Lines that contain the string "setIdP" are the ones to list; copy all of them from the records.

*** AVAILABLE DATA Section Begins ***

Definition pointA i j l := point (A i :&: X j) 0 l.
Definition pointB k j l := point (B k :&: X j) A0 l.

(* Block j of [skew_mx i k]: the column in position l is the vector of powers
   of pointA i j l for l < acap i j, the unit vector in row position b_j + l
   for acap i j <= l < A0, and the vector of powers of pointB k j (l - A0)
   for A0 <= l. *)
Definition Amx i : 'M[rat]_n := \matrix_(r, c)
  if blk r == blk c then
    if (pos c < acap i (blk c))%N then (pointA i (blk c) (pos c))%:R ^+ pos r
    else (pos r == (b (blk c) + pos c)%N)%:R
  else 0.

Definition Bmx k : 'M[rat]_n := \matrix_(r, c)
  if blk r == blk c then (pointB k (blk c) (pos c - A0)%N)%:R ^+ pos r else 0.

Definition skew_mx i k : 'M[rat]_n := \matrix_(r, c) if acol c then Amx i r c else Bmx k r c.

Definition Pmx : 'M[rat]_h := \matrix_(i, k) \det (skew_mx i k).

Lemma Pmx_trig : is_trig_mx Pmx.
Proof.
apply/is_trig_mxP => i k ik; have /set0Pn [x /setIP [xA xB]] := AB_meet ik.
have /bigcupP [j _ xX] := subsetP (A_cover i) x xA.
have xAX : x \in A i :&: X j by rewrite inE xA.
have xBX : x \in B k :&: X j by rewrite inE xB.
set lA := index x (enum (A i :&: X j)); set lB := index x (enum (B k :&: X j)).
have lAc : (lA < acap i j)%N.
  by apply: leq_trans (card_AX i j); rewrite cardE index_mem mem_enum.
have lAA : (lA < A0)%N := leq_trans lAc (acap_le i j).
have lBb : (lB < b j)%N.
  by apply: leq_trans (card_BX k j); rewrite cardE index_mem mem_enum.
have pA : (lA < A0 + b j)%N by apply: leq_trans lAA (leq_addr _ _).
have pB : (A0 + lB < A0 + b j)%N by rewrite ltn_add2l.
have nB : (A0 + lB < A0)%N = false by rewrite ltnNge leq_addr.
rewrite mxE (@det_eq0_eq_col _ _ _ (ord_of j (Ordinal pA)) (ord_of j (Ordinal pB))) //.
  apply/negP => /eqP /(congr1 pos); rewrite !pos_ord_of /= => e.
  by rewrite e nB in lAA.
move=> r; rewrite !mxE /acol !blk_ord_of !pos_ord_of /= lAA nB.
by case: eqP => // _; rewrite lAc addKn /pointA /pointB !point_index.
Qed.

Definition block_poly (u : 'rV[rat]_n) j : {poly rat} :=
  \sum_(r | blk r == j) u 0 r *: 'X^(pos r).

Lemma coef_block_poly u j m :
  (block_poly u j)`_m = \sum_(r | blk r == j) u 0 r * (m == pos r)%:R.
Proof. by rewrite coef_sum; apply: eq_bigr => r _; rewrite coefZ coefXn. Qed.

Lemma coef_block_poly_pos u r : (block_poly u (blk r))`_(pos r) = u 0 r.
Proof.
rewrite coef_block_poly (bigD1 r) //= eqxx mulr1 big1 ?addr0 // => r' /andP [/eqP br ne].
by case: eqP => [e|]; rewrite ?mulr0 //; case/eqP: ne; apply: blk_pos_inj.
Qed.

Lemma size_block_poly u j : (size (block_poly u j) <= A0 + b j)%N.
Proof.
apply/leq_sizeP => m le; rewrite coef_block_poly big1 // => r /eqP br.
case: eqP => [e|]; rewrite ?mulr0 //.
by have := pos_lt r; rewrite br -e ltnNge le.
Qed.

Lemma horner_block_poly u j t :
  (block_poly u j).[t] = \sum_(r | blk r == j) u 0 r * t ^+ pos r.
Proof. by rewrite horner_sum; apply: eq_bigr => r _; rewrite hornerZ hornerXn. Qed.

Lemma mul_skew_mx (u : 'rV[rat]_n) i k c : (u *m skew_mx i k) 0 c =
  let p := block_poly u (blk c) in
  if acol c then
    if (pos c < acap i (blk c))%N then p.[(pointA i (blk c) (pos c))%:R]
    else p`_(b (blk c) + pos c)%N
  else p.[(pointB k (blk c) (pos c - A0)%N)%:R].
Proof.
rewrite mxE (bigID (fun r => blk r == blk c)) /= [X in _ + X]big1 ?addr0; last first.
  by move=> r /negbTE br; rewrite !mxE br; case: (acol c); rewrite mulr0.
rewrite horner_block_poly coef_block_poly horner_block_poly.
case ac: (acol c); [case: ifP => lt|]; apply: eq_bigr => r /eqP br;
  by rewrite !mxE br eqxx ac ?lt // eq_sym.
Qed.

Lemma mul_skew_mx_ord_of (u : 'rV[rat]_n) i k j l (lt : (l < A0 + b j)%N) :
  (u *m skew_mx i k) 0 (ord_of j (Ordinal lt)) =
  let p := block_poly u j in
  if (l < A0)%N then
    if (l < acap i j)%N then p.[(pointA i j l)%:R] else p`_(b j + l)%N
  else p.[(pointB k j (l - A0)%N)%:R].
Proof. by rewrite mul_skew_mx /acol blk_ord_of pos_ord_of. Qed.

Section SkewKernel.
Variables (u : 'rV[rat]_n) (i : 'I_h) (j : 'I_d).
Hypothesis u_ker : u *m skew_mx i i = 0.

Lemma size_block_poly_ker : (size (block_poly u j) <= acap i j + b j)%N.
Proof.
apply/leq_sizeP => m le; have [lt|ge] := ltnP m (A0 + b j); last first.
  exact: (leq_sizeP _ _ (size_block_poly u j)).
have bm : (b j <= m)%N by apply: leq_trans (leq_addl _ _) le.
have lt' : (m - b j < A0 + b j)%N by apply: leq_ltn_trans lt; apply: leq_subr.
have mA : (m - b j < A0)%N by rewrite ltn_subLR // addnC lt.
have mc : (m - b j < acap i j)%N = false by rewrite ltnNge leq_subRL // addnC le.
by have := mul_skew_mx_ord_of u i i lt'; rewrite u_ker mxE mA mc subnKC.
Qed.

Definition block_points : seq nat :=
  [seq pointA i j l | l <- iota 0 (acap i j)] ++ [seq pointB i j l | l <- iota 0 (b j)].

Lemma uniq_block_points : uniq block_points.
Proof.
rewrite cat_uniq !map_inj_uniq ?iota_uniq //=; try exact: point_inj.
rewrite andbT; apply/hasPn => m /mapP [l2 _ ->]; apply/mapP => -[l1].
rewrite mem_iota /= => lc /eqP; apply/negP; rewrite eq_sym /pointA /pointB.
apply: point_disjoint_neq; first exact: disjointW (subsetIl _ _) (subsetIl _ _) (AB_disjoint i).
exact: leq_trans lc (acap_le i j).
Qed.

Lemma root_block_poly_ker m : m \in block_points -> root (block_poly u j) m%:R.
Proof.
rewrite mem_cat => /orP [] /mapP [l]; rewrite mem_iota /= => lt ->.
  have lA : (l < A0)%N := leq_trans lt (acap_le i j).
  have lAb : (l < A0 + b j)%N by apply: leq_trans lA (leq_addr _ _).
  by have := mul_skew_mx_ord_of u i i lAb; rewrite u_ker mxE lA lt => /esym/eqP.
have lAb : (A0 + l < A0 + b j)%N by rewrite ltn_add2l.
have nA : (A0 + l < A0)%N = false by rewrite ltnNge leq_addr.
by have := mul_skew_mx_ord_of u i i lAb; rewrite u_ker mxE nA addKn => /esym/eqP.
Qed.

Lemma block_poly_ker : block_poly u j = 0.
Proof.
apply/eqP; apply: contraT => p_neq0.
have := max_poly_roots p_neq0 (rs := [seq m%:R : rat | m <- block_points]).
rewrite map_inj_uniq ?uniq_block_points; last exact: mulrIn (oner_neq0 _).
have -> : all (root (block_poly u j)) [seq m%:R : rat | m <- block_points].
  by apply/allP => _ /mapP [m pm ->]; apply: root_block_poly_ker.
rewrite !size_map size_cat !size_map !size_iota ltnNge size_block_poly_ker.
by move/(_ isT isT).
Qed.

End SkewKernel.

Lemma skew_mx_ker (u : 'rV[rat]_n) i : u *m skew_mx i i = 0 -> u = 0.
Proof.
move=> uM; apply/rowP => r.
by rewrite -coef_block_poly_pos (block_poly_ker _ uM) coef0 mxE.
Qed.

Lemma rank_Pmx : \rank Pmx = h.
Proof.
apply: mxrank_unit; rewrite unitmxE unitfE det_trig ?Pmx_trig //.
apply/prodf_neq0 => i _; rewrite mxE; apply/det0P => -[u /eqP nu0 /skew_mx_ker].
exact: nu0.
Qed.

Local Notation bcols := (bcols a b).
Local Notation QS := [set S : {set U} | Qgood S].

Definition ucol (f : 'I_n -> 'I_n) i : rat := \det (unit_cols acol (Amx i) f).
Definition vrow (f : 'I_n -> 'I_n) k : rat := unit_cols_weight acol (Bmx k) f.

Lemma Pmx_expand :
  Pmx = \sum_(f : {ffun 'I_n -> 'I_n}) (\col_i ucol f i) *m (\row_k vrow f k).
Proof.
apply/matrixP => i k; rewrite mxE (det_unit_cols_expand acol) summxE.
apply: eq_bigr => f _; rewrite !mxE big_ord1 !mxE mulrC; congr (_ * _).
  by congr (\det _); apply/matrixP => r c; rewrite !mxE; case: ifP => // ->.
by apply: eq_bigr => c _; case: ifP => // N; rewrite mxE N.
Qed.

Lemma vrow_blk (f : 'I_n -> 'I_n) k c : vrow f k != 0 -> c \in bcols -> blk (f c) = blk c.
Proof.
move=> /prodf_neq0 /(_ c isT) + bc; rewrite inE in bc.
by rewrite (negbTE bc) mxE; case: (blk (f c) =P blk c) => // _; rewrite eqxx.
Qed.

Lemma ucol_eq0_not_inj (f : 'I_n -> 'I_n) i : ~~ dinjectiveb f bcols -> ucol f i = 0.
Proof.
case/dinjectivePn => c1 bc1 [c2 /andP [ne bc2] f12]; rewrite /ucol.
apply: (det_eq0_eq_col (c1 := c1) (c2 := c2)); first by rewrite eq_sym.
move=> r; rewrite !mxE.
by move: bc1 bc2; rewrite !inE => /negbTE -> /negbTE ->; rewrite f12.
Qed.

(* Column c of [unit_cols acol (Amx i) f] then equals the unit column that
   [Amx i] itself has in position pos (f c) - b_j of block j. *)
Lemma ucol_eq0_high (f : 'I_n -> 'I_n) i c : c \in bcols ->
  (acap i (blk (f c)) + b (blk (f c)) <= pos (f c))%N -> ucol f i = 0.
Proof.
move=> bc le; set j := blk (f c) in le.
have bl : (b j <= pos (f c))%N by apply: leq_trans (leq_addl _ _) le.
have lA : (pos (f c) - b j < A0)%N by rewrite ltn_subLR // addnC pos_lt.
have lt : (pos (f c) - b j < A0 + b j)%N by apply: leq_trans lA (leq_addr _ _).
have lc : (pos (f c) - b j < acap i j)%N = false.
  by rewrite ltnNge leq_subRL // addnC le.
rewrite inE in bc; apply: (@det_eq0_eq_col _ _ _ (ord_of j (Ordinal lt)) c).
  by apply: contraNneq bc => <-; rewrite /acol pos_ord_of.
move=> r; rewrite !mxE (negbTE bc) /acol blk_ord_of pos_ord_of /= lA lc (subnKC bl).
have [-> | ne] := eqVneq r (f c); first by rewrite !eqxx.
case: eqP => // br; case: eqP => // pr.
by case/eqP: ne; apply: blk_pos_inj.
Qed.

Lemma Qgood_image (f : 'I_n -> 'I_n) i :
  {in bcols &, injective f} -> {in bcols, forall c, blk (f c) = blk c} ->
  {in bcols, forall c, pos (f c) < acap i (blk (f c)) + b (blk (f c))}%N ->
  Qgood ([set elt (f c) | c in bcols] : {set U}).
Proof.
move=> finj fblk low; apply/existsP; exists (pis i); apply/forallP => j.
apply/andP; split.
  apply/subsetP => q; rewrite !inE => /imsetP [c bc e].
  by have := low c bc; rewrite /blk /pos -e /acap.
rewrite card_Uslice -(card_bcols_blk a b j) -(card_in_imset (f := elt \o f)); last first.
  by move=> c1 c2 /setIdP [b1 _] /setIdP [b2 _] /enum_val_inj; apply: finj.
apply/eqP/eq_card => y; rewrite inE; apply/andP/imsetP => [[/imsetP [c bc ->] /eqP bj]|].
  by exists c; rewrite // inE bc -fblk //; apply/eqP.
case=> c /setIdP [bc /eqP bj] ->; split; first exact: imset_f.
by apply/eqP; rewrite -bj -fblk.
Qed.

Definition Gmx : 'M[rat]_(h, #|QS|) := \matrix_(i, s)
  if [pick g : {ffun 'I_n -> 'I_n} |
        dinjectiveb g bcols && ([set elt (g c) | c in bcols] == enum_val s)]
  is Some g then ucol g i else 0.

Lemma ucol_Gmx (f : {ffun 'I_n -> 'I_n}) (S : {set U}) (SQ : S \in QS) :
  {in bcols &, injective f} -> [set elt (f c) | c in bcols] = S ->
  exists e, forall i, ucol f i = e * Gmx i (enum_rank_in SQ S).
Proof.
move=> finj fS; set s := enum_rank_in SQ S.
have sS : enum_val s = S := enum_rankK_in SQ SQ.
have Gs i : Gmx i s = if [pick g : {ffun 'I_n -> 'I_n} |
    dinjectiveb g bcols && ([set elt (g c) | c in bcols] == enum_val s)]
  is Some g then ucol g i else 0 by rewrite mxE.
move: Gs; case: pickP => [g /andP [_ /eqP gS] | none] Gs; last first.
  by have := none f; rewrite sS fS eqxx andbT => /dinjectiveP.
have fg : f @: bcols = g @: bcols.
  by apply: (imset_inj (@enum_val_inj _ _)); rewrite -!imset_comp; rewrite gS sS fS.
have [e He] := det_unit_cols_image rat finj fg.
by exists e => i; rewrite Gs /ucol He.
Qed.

*** AVAILABLE DATA Section Ends ***
*** AVAILABLE DATA Section Begins ***

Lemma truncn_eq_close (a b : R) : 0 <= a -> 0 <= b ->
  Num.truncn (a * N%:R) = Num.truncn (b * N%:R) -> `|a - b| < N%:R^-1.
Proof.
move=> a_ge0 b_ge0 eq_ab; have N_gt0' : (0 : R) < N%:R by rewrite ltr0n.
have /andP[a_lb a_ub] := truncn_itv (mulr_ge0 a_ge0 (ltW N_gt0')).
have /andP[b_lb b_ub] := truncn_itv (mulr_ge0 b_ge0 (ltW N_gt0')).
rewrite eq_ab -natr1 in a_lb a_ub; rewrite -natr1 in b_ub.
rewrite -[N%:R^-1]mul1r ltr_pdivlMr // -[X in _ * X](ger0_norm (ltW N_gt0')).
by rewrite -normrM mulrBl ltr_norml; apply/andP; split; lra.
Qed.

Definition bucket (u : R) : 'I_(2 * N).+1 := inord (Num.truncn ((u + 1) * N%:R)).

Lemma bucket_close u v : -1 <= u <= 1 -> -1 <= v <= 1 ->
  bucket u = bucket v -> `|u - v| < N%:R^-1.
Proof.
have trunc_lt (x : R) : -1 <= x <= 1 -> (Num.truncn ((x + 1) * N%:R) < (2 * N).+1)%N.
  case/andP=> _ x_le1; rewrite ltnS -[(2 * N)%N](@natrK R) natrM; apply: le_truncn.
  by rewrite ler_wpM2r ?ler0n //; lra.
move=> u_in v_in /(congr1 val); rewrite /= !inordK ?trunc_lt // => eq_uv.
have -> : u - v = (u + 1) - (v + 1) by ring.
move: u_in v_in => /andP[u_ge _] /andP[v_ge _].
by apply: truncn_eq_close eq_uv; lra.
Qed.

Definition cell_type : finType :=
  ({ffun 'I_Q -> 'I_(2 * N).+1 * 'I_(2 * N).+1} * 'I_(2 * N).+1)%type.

*** AVAILABLE DATA Section Ends ***

**EXPECTED ANSWER:**
  by move=> c1 c2 /setIdP [b1 _] /setIdP [b2 _] /enum_val_inj; apply: finj.
case=> c /setIdP [bc /eqP bj] ->; split; first exact: imset_f.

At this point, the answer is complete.